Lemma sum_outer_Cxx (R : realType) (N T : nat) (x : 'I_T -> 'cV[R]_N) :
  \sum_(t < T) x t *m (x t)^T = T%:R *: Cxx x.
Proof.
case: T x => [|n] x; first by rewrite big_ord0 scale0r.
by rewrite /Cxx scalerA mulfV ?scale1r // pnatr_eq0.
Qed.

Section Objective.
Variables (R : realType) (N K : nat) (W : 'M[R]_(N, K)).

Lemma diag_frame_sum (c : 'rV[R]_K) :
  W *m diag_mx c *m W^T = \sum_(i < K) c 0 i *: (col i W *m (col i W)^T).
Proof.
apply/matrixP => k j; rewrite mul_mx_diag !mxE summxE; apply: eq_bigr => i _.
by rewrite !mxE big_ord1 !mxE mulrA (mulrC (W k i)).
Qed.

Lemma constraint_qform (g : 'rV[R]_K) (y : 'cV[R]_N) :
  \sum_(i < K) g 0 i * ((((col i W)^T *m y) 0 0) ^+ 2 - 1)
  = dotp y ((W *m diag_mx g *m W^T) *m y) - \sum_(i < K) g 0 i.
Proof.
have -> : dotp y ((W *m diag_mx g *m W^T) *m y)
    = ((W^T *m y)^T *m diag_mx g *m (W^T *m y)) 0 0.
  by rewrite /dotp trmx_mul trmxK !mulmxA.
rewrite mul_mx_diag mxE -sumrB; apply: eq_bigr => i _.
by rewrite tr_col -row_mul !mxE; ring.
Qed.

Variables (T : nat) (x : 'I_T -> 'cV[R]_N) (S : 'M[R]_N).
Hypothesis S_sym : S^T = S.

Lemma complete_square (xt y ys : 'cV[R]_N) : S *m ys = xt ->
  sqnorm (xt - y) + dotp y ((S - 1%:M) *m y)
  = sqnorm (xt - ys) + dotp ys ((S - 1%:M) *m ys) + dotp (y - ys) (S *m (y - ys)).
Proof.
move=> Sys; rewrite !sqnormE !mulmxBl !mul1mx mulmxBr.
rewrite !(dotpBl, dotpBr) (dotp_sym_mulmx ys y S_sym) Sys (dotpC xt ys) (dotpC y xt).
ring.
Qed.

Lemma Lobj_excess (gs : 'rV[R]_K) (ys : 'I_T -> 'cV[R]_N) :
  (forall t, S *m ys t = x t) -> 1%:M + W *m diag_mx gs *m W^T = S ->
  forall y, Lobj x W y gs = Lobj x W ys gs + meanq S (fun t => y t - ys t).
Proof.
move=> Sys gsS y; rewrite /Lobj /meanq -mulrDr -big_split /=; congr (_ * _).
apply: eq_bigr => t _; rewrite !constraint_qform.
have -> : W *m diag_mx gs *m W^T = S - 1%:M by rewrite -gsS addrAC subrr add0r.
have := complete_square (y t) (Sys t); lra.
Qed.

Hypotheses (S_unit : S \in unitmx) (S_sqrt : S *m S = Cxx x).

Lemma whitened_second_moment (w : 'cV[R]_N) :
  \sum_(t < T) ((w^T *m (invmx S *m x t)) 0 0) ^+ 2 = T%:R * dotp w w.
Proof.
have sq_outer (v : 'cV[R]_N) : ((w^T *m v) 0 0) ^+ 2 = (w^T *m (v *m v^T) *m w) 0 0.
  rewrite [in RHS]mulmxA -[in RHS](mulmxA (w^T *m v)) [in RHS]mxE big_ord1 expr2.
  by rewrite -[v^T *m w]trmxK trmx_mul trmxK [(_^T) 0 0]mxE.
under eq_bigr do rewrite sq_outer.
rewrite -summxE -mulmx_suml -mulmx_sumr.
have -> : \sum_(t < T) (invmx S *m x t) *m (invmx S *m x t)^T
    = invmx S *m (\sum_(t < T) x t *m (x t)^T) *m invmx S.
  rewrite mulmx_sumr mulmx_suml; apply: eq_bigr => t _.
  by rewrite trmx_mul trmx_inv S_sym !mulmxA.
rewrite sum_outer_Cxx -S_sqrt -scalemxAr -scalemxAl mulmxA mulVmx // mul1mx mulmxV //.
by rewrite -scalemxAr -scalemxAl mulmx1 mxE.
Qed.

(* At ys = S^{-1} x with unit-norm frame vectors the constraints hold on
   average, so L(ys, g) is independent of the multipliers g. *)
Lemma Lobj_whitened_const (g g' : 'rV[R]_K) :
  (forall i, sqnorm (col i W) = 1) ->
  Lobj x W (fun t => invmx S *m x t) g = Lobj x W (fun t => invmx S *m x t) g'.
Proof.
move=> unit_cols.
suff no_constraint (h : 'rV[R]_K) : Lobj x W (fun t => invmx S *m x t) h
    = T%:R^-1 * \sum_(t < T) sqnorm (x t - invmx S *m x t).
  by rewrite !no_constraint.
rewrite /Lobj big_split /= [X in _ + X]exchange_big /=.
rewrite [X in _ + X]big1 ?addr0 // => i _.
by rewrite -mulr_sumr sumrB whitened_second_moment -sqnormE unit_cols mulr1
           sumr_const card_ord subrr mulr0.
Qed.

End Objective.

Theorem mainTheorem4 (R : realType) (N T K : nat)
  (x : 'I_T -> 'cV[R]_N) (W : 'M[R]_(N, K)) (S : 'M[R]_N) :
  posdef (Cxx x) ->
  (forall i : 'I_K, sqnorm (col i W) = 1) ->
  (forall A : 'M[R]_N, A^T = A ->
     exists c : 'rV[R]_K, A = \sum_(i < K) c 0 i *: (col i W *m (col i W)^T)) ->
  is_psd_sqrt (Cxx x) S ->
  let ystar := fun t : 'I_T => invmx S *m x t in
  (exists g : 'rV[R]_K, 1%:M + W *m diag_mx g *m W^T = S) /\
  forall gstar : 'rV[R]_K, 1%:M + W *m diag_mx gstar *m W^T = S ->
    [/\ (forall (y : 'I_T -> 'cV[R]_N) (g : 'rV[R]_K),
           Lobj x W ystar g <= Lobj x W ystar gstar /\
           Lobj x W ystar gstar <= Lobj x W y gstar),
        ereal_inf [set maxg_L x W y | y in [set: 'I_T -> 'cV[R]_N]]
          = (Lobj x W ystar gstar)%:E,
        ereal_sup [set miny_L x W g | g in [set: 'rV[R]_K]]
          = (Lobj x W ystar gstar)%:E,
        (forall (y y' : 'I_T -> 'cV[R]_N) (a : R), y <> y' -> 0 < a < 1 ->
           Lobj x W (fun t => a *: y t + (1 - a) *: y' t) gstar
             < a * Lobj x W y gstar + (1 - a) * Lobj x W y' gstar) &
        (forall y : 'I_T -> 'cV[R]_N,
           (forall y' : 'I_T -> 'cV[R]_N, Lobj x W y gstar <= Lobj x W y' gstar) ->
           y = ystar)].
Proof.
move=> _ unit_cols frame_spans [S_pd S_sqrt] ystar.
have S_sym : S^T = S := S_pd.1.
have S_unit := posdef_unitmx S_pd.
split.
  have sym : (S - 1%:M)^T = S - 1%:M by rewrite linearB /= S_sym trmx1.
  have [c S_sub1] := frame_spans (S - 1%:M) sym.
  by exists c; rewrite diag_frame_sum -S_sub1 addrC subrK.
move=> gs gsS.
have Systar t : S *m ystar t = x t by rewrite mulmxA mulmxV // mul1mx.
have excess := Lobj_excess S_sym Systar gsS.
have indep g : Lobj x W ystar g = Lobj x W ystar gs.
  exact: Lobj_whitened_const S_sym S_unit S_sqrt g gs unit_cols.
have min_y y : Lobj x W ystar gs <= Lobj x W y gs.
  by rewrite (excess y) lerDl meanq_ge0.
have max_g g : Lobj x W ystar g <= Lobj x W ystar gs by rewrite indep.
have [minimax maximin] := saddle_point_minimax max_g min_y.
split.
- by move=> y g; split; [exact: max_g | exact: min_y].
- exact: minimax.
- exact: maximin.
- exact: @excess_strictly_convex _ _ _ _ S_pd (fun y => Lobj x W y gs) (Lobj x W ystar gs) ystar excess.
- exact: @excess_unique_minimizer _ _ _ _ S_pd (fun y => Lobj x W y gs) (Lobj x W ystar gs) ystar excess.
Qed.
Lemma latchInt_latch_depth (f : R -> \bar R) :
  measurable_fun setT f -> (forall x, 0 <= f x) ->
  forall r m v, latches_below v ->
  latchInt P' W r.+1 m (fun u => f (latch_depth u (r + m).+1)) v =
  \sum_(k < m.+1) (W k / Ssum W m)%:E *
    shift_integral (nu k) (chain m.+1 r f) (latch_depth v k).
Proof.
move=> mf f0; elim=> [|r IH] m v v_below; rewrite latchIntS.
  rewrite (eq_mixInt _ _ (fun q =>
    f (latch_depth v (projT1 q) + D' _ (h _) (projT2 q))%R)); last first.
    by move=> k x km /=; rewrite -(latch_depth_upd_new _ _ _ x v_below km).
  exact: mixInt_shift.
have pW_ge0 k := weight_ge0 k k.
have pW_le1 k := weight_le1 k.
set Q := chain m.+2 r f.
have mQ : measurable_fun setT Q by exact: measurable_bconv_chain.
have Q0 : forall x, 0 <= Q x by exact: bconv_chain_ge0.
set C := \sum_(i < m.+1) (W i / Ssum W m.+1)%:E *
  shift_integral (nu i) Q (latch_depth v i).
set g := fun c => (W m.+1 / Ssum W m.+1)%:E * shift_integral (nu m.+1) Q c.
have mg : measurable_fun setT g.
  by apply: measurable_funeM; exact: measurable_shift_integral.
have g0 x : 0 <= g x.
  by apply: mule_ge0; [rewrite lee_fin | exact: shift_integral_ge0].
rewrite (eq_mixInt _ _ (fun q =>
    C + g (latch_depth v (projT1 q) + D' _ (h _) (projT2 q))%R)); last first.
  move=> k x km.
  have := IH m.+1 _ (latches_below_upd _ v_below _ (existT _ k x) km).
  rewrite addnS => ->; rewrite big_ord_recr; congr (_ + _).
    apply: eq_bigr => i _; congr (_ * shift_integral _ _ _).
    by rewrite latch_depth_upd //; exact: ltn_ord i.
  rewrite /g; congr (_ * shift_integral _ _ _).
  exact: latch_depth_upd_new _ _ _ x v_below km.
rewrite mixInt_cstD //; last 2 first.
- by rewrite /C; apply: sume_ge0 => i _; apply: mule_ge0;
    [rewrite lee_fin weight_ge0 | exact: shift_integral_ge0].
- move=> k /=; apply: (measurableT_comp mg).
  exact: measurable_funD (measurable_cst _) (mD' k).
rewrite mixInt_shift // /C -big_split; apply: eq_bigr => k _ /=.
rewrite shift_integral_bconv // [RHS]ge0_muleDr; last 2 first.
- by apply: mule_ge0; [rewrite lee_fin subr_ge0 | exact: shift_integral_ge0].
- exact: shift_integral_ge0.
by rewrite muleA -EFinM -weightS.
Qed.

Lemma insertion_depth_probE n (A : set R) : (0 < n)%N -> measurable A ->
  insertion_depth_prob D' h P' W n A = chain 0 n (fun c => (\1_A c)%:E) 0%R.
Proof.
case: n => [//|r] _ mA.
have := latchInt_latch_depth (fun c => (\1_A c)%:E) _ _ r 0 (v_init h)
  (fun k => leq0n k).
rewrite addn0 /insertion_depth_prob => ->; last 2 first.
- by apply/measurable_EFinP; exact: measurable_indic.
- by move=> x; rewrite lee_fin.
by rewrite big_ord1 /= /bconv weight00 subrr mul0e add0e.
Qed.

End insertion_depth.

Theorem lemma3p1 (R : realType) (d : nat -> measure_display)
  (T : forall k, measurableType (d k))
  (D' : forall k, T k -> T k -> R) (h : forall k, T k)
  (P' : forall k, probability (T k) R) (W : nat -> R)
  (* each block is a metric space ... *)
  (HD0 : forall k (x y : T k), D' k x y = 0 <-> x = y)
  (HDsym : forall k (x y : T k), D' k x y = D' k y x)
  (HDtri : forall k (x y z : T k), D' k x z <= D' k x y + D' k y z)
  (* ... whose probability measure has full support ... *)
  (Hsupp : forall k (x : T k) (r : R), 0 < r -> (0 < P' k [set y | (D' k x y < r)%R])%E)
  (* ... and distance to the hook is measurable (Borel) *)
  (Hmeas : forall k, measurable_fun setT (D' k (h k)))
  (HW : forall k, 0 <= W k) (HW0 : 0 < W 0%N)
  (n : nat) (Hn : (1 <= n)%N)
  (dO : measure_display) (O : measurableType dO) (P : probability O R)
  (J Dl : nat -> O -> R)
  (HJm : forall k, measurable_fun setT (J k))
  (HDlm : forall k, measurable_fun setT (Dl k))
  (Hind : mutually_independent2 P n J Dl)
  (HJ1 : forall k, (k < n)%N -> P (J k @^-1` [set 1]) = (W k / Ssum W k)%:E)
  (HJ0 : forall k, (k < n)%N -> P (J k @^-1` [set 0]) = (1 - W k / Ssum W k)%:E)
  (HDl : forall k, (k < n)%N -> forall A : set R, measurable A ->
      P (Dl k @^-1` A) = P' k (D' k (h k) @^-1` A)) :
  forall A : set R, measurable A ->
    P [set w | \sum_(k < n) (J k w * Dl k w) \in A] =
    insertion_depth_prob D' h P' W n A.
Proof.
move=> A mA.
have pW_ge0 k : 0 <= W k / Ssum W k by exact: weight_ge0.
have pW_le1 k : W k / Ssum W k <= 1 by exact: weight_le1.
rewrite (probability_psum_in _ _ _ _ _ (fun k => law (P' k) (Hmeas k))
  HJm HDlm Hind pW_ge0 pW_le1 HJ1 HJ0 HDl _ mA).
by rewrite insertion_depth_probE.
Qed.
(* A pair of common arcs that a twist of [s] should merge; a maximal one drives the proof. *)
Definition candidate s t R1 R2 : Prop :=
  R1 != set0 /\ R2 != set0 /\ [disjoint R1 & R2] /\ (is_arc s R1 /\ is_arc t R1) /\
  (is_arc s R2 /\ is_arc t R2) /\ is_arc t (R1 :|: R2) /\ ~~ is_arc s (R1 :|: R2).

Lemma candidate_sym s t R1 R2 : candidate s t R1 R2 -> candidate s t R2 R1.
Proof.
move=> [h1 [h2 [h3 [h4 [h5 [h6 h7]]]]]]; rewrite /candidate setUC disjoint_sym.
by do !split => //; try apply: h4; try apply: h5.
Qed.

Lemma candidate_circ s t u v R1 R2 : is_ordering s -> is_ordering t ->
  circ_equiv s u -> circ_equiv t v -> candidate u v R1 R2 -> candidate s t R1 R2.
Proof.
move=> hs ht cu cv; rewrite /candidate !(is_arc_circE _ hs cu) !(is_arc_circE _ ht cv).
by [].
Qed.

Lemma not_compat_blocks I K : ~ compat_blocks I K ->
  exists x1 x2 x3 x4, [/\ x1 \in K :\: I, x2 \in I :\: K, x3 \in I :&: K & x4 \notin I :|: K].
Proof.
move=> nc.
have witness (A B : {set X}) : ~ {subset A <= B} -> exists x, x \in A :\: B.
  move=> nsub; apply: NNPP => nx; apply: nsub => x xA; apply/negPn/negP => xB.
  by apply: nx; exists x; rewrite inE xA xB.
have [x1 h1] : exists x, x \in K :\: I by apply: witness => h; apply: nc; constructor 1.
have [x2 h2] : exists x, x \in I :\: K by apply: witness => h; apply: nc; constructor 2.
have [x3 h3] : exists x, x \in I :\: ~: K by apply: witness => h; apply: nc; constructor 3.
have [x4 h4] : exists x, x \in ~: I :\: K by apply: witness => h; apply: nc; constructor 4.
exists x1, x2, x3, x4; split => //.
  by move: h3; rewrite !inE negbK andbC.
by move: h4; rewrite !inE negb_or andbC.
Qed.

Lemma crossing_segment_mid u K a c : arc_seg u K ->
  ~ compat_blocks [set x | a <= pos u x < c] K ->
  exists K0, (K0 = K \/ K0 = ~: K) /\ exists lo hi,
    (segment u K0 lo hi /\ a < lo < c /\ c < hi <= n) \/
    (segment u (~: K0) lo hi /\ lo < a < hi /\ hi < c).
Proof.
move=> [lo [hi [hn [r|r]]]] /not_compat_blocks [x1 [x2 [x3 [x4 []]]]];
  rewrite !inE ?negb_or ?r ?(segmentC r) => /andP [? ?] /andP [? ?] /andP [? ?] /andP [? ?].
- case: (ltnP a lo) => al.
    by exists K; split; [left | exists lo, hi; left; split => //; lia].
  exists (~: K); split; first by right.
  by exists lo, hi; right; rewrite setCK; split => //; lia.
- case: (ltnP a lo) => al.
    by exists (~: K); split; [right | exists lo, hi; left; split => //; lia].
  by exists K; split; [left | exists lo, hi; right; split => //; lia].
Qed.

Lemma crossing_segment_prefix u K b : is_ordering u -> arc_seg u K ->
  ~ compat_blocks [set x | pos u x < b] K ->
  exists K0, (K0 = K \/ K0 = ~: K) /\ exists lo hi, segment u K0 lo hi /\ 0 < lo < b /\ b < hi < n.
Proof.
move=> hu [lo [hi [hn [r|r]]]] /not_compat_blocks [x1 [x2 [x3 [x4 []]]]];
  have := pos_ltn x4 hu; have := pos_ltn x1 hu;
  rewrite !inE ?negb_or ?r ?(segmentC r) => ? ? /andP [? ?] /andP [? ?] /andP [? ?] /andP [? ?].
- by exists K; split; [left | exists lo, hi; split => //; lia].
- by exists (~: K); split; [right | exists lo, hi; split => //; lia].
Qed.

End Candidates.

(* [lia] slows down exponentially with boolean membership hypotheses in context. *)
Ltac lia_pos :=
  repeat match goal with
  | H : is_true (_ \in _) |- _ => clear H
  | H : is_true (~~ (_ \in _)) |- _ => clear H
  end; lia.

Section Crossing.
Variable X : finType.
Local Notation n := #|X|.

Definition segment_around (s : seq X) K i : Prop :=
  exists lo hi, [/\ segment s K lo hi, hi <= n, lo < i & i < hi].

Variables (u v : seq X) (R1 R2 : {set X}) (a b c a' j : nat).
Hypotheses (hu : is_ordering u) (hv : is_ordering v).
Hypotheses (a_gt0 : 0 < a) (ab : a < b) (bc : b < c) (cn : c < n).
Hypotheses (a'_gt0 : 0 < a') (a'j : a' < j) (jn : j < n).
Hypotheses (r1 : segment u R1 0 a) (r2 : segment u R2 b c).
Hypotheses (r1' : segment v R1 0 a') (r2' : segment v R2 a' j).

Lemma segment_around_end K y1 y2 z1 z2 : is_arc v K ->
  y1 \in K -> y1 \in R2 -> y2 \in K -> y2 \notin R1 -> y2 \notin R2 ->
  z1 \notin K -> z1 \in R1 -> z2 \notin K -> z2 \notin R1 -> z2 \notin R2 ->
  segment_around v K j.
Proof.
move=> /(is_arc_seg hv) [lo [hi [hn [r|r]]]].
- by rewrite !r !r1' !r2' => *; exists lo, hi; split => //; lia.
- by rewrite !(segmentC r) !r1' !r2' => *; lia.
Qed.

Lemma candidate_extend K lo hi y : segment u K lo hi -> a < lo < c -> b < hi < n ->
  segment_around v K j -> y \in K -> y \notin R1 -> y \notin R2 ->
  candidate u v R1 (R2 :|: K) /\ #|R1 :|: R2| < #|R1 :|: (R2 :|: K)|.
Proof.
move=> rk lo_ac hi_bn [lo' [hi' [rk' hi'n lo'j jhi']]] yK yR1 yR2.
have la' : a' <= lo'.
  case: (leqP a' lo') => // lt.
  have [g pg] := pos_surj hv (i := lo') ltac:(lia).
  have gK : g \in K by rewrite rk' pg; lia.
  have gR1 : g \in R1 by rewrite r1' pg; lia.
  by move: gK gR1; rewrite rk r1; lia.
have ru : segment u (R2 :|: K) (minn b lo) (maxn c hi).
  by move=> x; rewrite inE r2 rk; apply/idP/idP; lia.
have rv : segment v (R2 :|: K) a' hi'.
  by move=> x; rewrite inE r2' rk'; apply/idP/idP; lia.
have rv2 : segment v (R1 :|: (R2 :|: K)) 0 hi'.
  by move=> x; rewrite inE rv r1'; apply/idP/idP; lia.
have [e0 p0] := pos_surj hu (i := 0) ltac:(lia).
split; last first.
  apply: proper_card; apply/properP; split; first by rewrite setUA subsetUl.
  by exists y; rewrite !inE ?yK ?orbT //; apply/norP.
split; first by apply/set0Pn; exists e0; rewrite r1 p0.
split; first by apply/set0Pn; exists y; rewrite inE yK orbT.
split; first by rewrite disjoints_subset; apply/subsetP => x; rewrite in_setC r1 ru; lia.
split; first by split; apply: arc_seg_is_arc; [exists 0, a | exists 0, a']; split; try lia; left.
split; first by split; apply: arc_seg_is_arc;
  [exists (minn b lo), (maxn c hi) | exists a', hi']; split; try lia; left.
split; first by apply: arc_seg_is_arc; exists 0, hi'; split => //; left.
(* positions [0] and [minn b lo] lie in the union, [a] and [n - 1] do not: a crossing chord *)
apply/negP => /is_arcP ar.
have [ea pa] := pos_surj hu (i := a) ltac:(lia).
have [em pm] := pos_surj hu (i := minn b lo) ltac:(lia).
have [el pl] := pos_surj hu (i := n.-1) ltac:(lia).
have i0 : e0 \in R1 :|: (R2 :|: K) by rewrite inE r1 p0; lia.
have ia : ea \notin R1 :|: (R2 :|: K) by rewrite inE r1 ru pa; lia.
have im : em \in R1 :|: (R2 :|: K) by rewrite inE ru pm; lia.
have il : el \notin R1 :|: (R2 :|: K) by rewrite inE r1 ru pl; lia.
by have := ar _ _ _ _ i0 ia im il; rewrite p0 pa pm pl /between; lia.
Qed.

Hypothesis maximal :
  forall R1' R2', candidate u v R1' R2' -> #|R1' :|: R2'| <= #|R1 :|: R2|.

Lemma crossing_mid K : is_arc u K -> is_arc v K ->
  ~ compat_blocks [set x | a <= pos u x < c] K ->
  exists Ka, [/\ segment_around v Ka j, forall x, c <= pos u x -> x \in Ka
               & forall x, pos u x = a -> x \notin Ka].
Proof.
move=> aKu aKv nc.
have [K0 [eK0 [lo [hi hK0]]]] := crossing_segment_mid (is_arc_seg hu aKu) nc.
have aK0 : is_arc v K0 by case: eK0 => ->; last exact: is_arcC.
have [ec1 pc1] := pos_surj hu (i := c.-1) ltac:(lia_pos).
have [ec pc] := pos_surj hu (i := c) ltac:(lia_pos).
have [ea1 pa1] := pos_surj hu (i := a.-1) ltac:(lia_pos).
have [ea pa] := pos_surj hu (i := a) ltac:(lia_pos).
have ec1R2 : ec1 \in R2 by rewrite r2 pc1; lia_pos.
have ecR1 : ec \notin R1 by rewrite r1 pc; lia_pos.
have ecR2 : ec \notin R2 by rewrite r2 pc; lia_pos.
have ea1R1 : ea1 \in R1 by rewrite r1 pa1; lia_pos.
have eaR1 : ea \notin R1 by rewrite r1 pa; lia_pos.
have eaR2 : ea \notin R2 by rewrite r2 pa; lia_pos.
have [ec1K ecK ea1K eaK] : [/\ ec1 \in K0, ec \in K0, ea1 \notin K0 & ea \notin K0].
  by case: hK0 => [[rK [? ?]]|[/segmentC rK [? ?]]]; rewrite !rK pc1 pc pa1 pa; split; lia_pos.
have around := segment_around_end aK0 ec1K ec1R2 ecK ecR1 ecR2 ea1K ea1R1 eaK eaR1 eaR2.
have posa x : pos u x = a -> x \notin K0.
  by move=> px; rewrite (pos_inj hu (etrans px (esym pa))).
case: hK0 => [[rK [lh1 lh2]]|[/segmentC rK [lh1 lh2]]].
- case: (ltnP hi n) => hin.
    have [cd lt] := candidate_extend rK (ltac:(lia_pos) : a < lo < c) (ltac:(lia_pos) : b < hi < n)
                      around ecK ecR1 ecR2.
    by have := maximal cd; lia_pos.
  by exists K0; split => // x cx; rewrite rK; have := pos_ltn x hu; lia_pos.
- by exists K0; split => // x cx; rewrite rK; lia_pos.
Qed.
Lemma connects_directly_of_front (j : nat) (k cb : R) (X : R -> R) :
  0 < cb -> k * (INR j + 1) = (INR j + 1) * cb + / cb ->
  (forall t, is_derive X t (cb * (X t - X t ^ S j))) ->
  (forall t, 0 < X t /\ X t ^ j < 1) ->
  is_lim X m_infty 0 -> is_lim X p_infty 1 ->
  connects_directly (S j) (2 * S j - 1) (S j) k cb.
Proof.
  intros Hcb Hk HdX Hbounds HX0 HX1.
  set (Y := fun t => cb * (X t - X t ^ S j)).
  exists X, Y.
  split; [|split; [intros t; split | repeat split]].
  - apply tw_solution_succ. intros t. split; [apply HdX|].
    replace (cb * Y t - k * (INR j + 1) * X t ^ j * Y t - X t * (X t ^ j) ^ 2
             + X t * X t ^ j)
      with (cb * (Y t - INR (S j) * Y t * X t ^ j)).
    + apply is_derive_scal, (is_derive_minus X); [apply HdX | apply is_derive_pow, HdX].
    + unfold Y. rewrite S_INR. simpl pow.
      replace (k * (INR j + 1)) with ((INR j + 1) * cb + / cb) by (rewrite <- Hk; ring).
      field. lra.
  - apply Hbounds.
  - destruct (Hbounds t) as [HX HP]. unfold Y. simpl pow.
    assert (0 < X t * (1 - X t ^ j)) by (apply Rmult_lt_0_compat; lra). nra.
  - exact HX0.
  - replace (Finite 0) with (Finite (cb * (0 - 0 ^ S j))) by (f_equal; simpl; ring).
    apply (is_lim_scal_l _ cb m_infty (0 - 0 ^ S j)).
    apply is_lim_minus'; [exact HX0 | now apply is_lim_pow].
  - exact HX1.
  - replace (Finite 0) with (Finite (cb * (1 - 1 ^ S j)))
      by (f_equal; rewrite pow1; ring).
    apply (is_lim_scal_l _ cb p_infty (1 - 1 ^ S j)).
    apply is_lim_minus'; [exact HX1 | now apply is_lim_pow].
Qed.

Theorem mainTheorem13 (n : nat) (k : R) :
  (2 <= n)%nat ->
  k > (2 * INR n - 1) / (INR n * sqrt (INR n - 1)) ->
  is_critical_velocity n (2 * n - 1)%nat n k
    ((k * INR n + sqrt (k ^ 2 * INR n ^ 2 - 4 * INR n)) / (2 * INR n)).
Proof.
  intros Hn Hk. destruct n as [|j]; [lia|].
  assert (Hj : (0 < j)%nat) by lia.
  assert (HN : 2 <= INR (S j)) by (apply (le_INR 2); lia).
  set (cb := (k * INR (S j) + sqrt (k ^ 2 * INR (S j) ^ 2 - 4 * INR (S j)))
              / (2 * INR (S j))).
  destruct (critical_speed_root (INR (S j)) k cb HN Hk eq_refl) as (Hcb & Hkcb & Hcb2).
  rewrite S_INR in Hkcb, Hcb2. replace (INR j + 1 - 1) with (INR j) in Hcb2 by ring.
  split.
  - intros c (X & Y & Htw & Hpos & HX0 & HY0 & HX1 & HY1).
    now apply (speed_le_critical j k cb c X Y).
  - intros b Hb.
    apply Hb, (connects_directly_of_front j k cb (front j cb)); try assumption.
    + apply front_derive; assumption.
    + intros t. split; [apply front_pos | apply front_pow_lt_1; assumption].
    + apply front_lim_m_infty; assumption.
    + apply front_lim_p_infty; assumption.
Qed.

────────────────────────────────────────

Task to carry out → Copy each line of the data above that holds "measurableType".

The answer →
  (T : forall k, measurableType (d k))
  (dO : measure_display) (O : measurableType dO) (P : probability O R)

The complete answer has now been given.